Uwzględnione zażalenie

Sąd apelacyjny uznał zażalenie za zasadne. W związku z tym uchylił zaskarżone postanowienie. Sąd odwoławczy wyjaśnił, że nie było podstaw do zawieszenia postępowania w sprawie. Sąd pierwszej instancji może bowiem rozpoznać sprawę bez konieczności uzyskania decyzji Państwowego Inspektora Sanitarnego.

Ważne orzeczenia

Takie stanowisko wynika z orzecznictwa sądów - wyjaśnił sąd apelacyjny. W szczególności zaprezentował je Sąd Najwyższy w uchwale 7 sędziów z dnia 16 czerwca 1994 r. w sprawie II PZP 4/94 (LEX nr 9392).

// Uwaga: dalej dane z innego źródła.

(* Let $T$ be a complete $L$-theory and $\phi(x,y)$ an $L$-formula. Suppose there are infinite sequences $(a_i:i<\omega)$ and $(b_j:j<\omega)$ in some model of $T$, a natural number $N$ and a set $E\subseteq\{1,\ldots,N\}$ such that (i) for all $i_1<\cdots<i_N<\omega$, $\psi(a_{i_1},\ldots,a_{i_N})$ holds, where $$\psi(x_1,\ldots,x_N):=\neg\Big(\exists y\big(\bigwedge_{k\in E}\phi(x_k,y)\wedge\bigwedge_{k\in\{1,\ldots,N\}\setminus E}\neg\phi(x_k,y)\big)\Big);$$ (ii) $\phi(a_i,b_j)$ holds if and only if $i<j$. Then $T$ has the strict order property.
   Context: Let $\mathcal U$ be the monster model of $T$. A formula $\theta(x,y)$ (possibly in several variables) has the strict order property for $T$ if there is a sequence $(c_i:i<\omega)$ in $\mathcal U$ with $\theta(\mathcal U,c_i)\subsetneqq\theta(\mathcal U,c_{i+1})$ for all $i<\omega$. $T$ has the strict order property (SOP) if some $L$-formula has the strict order property for $T$. *)

From mathcomp Require Import all_boot.
Set Implicit Arguments. Unset Strict Implicit. Unset Printing Implicit Defensive.

Record signature := Signature {
  fsym : Type; farity : fsym -> nat;
  rsym : Type; rarity : rsym -> nat }.

Inductive term (L : signature) : Type :=
| tvar : nat -> term L
| tapp : forall f : fsym L, ('I_(farity f) -> term L) -> term L.

Inductive formula (L : signature) : Type :=
| fFalse : formula L
| fEq : term L -> term L -> formula L
| fRel : forall r : rsym L, ('I_(rarity r) -> term L) -> formula L
| fNot : formula L -> formula L
| fAnd : formula L -> formula L -> formula L
| fOr : formula L -> formula L -> formula L
| fImp : formula L -> formula L -> formula L
| fEx : nat -> formula L -> formula L
| fAll : nat -> formula L -> formula L.

Record structure (L : signature) := Structure {
  carrier :> Type;
  witness : carrier;
  finterp : forall f : fsym L, ('I_(farity f) -> carrier) -> carrier;
  rinterp : forall r : rsym L, ('I_(rarity r) -> carrier) -> Prop }.

Fixpoint eval (L : signature) (M : structure L) (v : nat -> M) (t : term L) : M :=
  match t with
  | tvar k => v k
  | tapp f ts => @finterp L M f (fun i => eval v (ts i))
  end.

Definition upd (T : Type) (v : nat -> T) (x : nat) (a : T) : nat -> T :=
  fun k => if k == x then a else v k.

Fixpoint sat (L : signature) (M : structure L) (v : nat -> M) (phi : formula L) : Prop :=
  match phi with
  | fFalse => False
  | fEq t1 t2 => eval v t1 = eval v t2
  | fRel r ts => @rinterp L M r (fun i => eval v (ts i))
  | fNot p => ~ sat v p
  | fAnd p q => sat v p /\ sat v q
  | fOr p q => sat v p \/ sat v q
  | fImp p q => sat v p -> sat v q
  | fEx x p => exists a : M, sat (upd v x a) p
  | fAll x p => forall a : M, sat (upd v x a) p
  end.

Fixpoint term_fv (L : signature) (x : nat) (t : term L) : Prop :=
  match t with
  | tvar k => k = x
  | tapp f ts => exists i, term_fv x (ts i)
  end.

Fixpoint free_in (L : signature) (x : nat) (phi : formula L) : Prop :=
  match phi with
  | fFalse => False
  | fEq t1 t2 => term_fv x t1 \/ term_fv x t2
  | fRel r ts => exists i, term_fv x (ts i)
  | fNot p => free_in x p
  | fAnd p q | fOr p q | fImp p q => free_in x p \/ free_in x q
  | fEx y p | fAll y p => y <> x /\ free_in x p
  end.

Definition sentence (L : signature) (phi : formula L) : Prop :=
  forall x, ~ free_in x phi.

Definition models (L : signature) (M : structure L) (T : formula L -> Prop) : Prop :=
  forall phi, T phi -> forall v : nat -> M, sat v phi.

Definition complete_theory (L : signature) (T : formula L -> Prop) : Prop :=
  [/\ (forall phi, T phi -> sentence phi),
      (exists M : structure L, models M T) &
      (forall s, sentence s ->
         (forall M : structure L, models M T -> forall v : nat -> M, sat v s) \/
         (forall M : structure L, models M T -> forall v : nat -> M, ~ sat v s))].

(* A formula phi(x,y) with x an n-tuple and y an m-tuple of variables:
   x_i is the variable i (i < n), y_j is the variable n + j (j < m),
   and phi has no other free variables. *)
Definition has_vars (L : signature) (phi : formula L) (n m : nat) : Prop :=
  forall x, free_in x phi -> x < n + m.

Definition pair_assign (L : signature) (M : structure L) (n m : nat)
  (a : 'I_n -> M) (b : 'I_m -> M) : nat -> M :=
  fun k => match (insub k : option 'I_n) with
           | Some i => a i
           | None => match (insub (k - n) : option 'I_m) with
                     | Some j => b j
                     | None => witness M
                     end
           end.

Definition holds2 (L : signature) (M : structure L) (n m : nat)
  (phi : formula L) (a : 'I_n -> M) (b : 'I_m -> M) : Prop :=
  sat (pair_assign a b) phi.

W tej uchwale przyjęto, że sąd powszechny, rozpoznający sprawę o świadczenia z tytułu choroby zawodowej, nie jest związany decyzją inspektora sanitarnego. Problemem tym zajmował się także Sąd Najwyższy w uchwale 7 sędziów z dnia 29 czerwca 1995 r. w sprawie II PZP 2/95 (LEX nr 23538). SN uznał wówczas, że decyzja inspektora sanitarnego stwierdzająca chorobę zawodową lub brak podstaw do jej stwierdzenia nie wiąże sądu powszechnego rozpoznającego sprawę o świadczenia z tytułu choroby zawodowej także po oddaleniu przez Naczelny Sąd Administracyjny wniesionej na nią skargi.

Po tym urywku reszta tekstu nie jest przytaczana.